Strong disk winds traced throughout outbursts in black-hole X-ray binaries

Abstract

Recurring outbursts associated with matter flowing onto compact stellar remnants (such as black holes, neutron stars and white dwarfs) in close binary systems provide a way of constraining the poorly understood accretion process. The light curves of these outbursts are shaped by the efficiency of angular-momentum (and thus mass) transport in the accretion disks, which has traditionally been encoded in a viscosity parameter, α. Numerical simulations1,2,3 of the magneto-rotational instability that is believed to be the physical mechanism behind this transport yield values of α of roughly 0.1–0.2, consistent with values determined from observations of accreting white dwarfs4. Equivalent viscosity parameters have hitherto not been estimated for disks around neutron stars or black holes.

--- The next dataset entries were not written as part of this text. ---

Lemma rstirling2E n k r : rstirling2 n k r =
  #|[set P | rpartition (ord_prefix (n + r) r) setT P & #|P| == (k + r)%N]|.
Proof.
apply: eq_card => P; rewrite !inE /rpartition andbAC -andbA.
case pP: (partition P setT) => //=; congr (_ && _).
apply/forallP/(separatesP pP (subsetT _)) => [sep i j | inj i].
  rewrite !inE => ir jr /eqP; apply: contraTeq => ij.
  by have /forallP/(_ j)/implyP := sep i; apply; rewrite ir jr ij.
apply/forallP => j; apply/implyP => /and3P[ir jr]; apply: contra => /eqP/inj.
by rewrite !inE => /(_ ir jr)->.
Qed.

Lemma sum_rstirling2 (V : nmodType) n r (G : nat -> V) :
  \sum_(k < n.+1) G (k + r)%N *+ rstirling2 n k r
  = rpartition_sum (ord_prefix (n + r) r) setT G.
Proof.
have rnr : (r <= n + r)%N by rewrite leq_addl.
rewrite /rpartition_sum [RHS](partition_big
  (fun P : {set {set 'I_(n + r)}} => inord (#|P| - r) : 'I_n.+1) xpredT) //=.
apply: eq_bigr => k _; rewrite rstirling2E cardsE -sumr_const.
apply: eq_big => P; rewrite unfold_in /=; last by case/andP=> _ /eqP->.
case rP: (rpartition _ _ P) => //=.
have /andP[rP' Pnr] := rpartition_ord_bounds rnr rP.
rewrite -val_eqE /= inordK; last by rewrite ltnS leq_subLR (addnC r).
by apply/eqP/eqP => [->|<-]; rewrite ?subnK ?addnK.
Qed.

Lemma rpartition_sum_ord_max (V : nmodType) N r (g : nat -> V) : (r <= N)%N ->
  rpartition_sum (ord_prefix N.+1 r) setT g
  = rpartition_sum (ord_prefix N r) setT (fun j => g j *+ j + g j.+1).
Proof.
move=> rN; rewrite (rpartition_sum_D1 _ (in_setT ord_max)); last first.
  by rewrite inE -leqNgt.
rewrite -imset_widen_ord_max -(imset_widen_ord_prefix (leqnSn N) rN).
by apply: rpartition_sum_imset => i j /(congr1 val) /= /val_inj.
Qed.

Theorem corollary1 (n r : nat) (hn : (1 <= n)%N) (hr : (1 <= r)%N) :
  \sum_(k < n.+1)
     (rstirling2 n k r)%:Z * (-1) ^+ (k + r - 1) * (derangement (k + r - 1))%:Z
  = (rbell (n - 1) r)%:Z.
Proof.
(* The identity also holds for r = 0. *)
case: n hn => // n _; rewrite subn1 /=.
pose g j : int := (-1) ^+ (j - 1) * (derangement (j - 1))%:Z.
have g_step j : g j *+ j + g j.+1 = 1.
  by rewrite /g !subn1 -!natz signed_derangement_step.
transitivity (\sum_(k < n.+2) g (k + r)%N *+ rstirling2 n.+1 k r).
  by apply: eq_bigr => k _; rewrite -mulrA -natz mulr_natl.
rewrite sum_rstirling2 (rpartition_sum_ord_max _ (leq_addl n r)).
rewrite /rpartition_sum; under eq_bigr => P _ do rewrite g_step.
rewrite -/(rpartition_sum _ _ (fun=> 1)) -sum_rstirling2 /rbell -natz natr_sum.
by apply: eq_bigr.
Qed.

Here we report the results of an analysis of archival X-ray light curves of 21 outbursts in black-hole X-ray binaries. By applying a Bayesian approach to a model of accretion, we determine corresponding values of α of around 0.2–1.0. These high values may be interpreted as an indication either of a very high intrinsic rate of angular-momentum transport in the disk, which could be sustained by the magneto-rotational instability only if a large-scale magnetic field threads the disk5,6,7, or that mass is being lost from the disk through substantial outflows, which strongly shape the outburst in the black-hole X-ray binary. The lack of correlation between our estimates of α and the accretion state of the binaries implies that such outflows can remove a substantial fraction of the disk mass in all accretion states and therefore suggests that the outflows correspond to magnetically driven disk winds rather than thermally driven ones, which require specific radiative conditions8.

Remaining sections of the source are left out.